What the task requires
All entries below must be given again word for word.

[Stored dataset items]
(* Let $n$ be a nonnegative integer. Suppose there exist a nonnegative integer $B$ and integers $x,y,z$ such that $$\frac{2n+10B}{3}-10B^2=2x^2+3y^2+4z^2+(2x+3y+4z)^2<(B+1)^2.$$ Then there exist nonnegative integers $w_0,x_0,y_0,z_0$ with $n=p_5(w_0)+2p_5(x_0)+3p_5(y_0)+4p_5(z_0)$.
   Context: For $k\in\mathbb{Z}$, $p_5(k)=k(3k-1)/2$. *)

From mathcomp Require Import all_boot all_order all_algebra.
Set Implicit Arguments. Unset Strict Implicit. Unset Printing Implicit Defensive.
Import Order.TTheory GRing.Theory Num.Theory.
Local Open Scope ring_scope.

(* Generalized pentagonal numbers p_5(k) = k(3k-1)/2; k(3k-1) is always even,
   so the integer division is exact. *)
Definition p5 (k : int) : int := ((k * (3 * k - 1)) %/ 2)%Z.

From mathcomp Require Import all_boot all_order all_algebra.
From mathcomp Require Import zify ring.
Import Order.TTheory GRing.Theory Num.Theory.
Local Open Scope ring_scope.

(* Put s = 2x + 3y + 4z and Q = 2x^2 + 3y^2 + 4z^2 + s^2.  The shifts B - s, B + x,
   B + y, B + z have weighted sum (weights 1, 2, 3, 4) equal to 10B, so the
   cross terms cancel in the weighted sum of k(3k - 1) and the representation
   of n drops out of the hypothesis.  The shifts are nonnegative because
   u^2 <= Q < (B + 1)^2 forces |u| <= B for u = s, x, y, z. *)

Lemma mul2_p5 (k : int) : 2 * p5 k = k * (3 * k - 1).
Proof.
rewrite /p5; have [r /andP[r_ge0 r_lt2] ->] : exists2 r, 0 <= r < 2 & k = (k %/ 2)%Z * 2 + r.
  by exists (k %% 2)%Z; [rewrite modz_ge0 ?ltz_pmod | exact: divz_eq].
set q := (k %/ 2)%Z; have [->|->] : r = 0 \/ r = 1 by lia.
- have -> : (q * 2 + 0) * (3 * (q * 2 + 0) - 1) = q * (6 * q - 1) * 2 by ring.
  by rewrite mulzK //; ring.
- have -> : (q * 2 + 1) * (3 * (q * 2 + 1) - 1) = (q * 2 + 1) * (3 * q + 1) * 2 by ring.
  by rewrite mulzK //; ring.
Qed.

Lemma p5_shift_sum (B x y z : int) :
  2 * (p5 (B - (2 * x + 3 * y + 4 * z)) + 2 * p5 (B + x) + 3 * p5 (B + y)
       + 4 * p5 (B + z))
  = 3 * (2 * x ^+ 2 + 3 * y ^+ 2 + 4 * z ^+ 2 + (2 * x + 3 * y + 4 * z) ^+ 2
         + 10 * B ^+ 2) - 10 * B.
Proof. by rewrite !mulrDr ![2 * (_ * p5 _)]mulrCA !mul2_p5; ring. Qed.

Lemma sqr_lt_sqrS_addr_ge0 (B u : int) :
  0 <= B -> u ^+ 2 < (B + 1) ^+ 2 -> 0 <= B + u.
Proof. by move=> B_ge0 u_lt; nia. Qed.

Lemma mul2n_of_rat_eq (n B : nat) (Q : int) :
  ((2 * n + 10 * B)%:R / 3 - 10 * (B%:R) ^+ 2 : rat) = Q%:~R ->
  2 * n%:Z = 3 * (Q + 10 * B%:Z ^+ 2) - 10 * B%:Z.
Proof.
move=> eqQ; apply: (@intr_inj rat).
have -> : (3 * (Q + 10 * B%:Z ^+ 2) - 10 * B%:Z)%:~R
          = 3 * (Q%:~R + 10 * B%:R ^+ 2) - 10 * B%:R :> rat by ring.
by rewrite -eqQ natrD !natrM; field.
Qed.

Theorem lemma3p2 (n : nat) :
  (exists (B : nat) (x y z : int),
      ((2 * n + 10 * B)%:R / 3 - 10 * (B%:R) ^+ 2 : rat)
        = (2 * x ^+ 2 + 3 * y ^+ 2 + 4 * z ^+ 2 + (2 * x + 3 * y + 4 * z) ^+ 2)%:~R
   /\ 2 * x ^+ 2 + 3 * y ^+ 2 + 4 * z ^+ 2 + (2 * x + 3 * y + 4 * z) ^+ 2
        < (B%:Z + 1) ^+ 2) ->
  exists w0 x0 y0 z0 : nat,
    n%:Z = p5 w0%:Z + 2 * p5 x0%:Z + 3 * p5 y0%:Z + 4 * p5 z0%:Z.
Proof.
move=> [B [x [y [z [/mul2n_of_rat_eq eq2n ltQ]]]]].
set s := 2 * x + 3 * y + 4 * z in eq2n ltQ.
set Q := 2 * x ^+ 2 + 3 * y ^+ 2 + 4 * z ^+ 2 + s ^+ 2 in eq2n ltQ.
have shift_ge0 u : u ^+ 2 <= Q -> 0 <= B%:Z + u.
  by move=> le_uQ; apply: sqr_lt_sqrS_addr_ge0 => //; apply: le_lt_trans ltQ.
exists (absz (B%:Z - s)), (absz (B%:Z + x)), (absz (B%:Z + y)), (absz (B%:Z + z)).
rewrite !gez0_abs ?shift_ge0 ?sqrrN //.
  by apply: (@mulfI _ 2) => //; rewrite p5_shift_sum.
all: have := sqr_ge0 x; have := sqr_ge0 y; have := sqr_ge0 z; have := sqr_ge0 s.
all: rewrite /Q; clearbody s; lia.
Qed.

Reply
(* Let $n$ be a nonnegative integer. Suppose there exist a nonnegative integer $B$ and integers $x,y,z$ such that $$\frac{2n+10B}{3}-10B^2=2x^2+3y^2+4z^2+(2x+3y+4z)^2<(B+1)^2.$$ Then there exist nonnegative integers $w_0,x_0,y_0,z_0$ with $n=p_5(w_0)+2p_5(x_0)+3p_5(y_0)+4p_5(z_0)$.
   Context: For $k\in\mathbb{Z}$, $p_5(k)=k(3k-1)/2$. *)

From mathcomp Require Import all_boot all_order all_algebra.
Set Implicit Arguments. Unset Strict Implicit. Unset Printing Implicit Defensive.
Import Order.TTheory GRing.Theory Num.Theory.
Local Open Scope ring_scope.

(* Generalized pentagonal numbers p_5(k) = k(3k-1)/2; k(3k-1) is always even,
   so the integer division is exact. *)
Definition p5 (k : int) : int := ((k * (3 * k - 1)) %/ 2)%Z.

From mathcomp Require Import all_boot all_order all_algebra.
From mathcomp Require Import zify ring.
Import Order.TTheory GRing.Theory Num.Theory.
Local Open Scope ring_scope.

(* Put s = 2x + 3y + 4z and Q = 2x^2 + 3y^2 + 4z^2 + s^2.  The shifts B - s, B + x,
   B + y, B + z have weighted sum (weights 1, 2, 3, 4) equal to 10B, so the
   cross terms cancel in the weighted sum of k(3k - 1) and the representation
   of n drops out of the hypothesis.  The shifts are nonnegative because
   u^2 <= Q < (B + 1)^2 forces |u| <= B for u = s, x, y, z. *)

Lemma mul2_p5 (k : int) : 2 * p5 k = k * (3 * k - 1).
Proof.
rewrite /p5; have [r /andP[r_ge0 r_lt2] ->] : exists2 r, 0 <= r < 2 & k = (k %/ 2)%Z * 2 + r.
  by exists (k %% 2)%Z; [rewrite modz_ge0 ?ltz_pmod | exact: divz_eq].
set q := (k %/ 2)%Z; have [->|->] : r = 0 \/ r = 1 by lia.
- have -> : (q * 2 + 0) * (3 * (q * 2 + 0) - 1) = q * (6 * q - 1) * 2 by ring.
  by rewrite mulzK //; ring.
- have -> : (q * 2 + 1) * (3 * (q * 2 + 1) - 1) = (q * 2 + 1) * (3 * q + 1) * 2 by ring.
  by rewrite mulzK //; ring.
Qed.

Lemma p5_shift_sum (B x y z : int) :
  2 * (p5 (B - (2 * x + 3 * y + 4 * z)) + 2 * p5 (B + x) + 3 * p5 (B + y)
       + 4 * p5 (B + z))
  = 3 * (2 * x ^+ 2 + 3 * y ^+ 2 + 4 * z ^+ 2 + (2 * x + 3 * y + 4 * z) ^+ 2
         + 10 * B ^+ 2) - 10 * B.
Proof. by rewrite !mulrDr ![2 * (_ * p5 _)]mulrCA !mul2_p5; ring. Qed.

Lemma sqr_lt_sqrS_addr_ge0 (B u : int) :
  0 <= B -> u ^+ 2 < (B + 1) ^+ 2 -> 0 <= B + u.
Proof. by move=> B_ge0 u_lt; nia. Qed.

Lemma mul2n_of_rat_eq (n B : nat) (Q : int) :
  ((2 * n + 10 * B)%:R / 3 - 10 * (B%:R) ^+ 2 : rat) = Q%:~R ->
  2 * n%:Z = 3 * (Q + 10 * B%:Z ^+ 2) - 10 * B%:Z.
Proof.
move=> eqQ; apply: (@intr_inj rat).
have -> : (3 * (Q + 10 * B%:Z ^+ 2) - 10 * B%:Z)%:~R
          = 3 * (Q%:~R + 10 * B%:R ^+ 2) - 10 * B%:R :> rat by ring.
by rewrite -eqQ natrD !natrM; field.
Qed.

Theorem lemma3p2 (n : nat) :
  (exists (B : nat) (x y z : int),
      ((2 * n + 10 * B)%:R / 3 - 10 * (B%:R) ^+ 2 : rat)
        = (2 * x ^+ 2 + 3 * y ^+ 2 + 4 * z ^+ 2 + (2 * x + 3 * y + 4 * z) ^+ 2)%:~R
   /\ 2 * x ^+ 2 + 3 * y ^+ 2 + 4 * z ^+ 2 + (2 * x + 3 * y + 4 * z) ^+ 2
        < (B%:Z + 1) ^+ 2) ->
  exists w0 x0 y0 z0 : nat,
    n%:Z = p5 w0%:Z + 2 * p5 x0%:Z + 3 * p5 y0%:Z + 4 * p5 z0%:Z.
Proof.
move=> [B [x [y [z [/mul2n_of_rat_eq eq2n ltQ]]]]].
set s := 2 * x + 3 * y + 4 * z in eq2n ltQ.
set Q := 2 * x ^+ 2 + 3 * y ^+ 2 + 4 * z ^+ 2 + s ^+ 2 in eq2n ltQ.
have shift_ge0 u : u ^+ 2 <= Q -> 0 <= B%:Z + u.
  by move=> le_uQ; apply: sqr_lt_sqrS_addr_ge0 => //; apply: le_lt_trans ltQ.
exists (absz (B%:Z - s)), (absz (B%:Z + x)), (absz (B%:Z + y)), (absz (B%:Z + z)).
rewrite !gez0_abs ?shift_ge0 ?sqrrN //.
  by apply: (@mulfI _ 2) => //; rewrite p5_shift_sum.
all: have := sqr_ge0 x; have := sqr_ge0 y; have := sqr_ge0 z; have := sqr_ge0 s.
all: rewrite /Q; clearbody s; lia.
Qed.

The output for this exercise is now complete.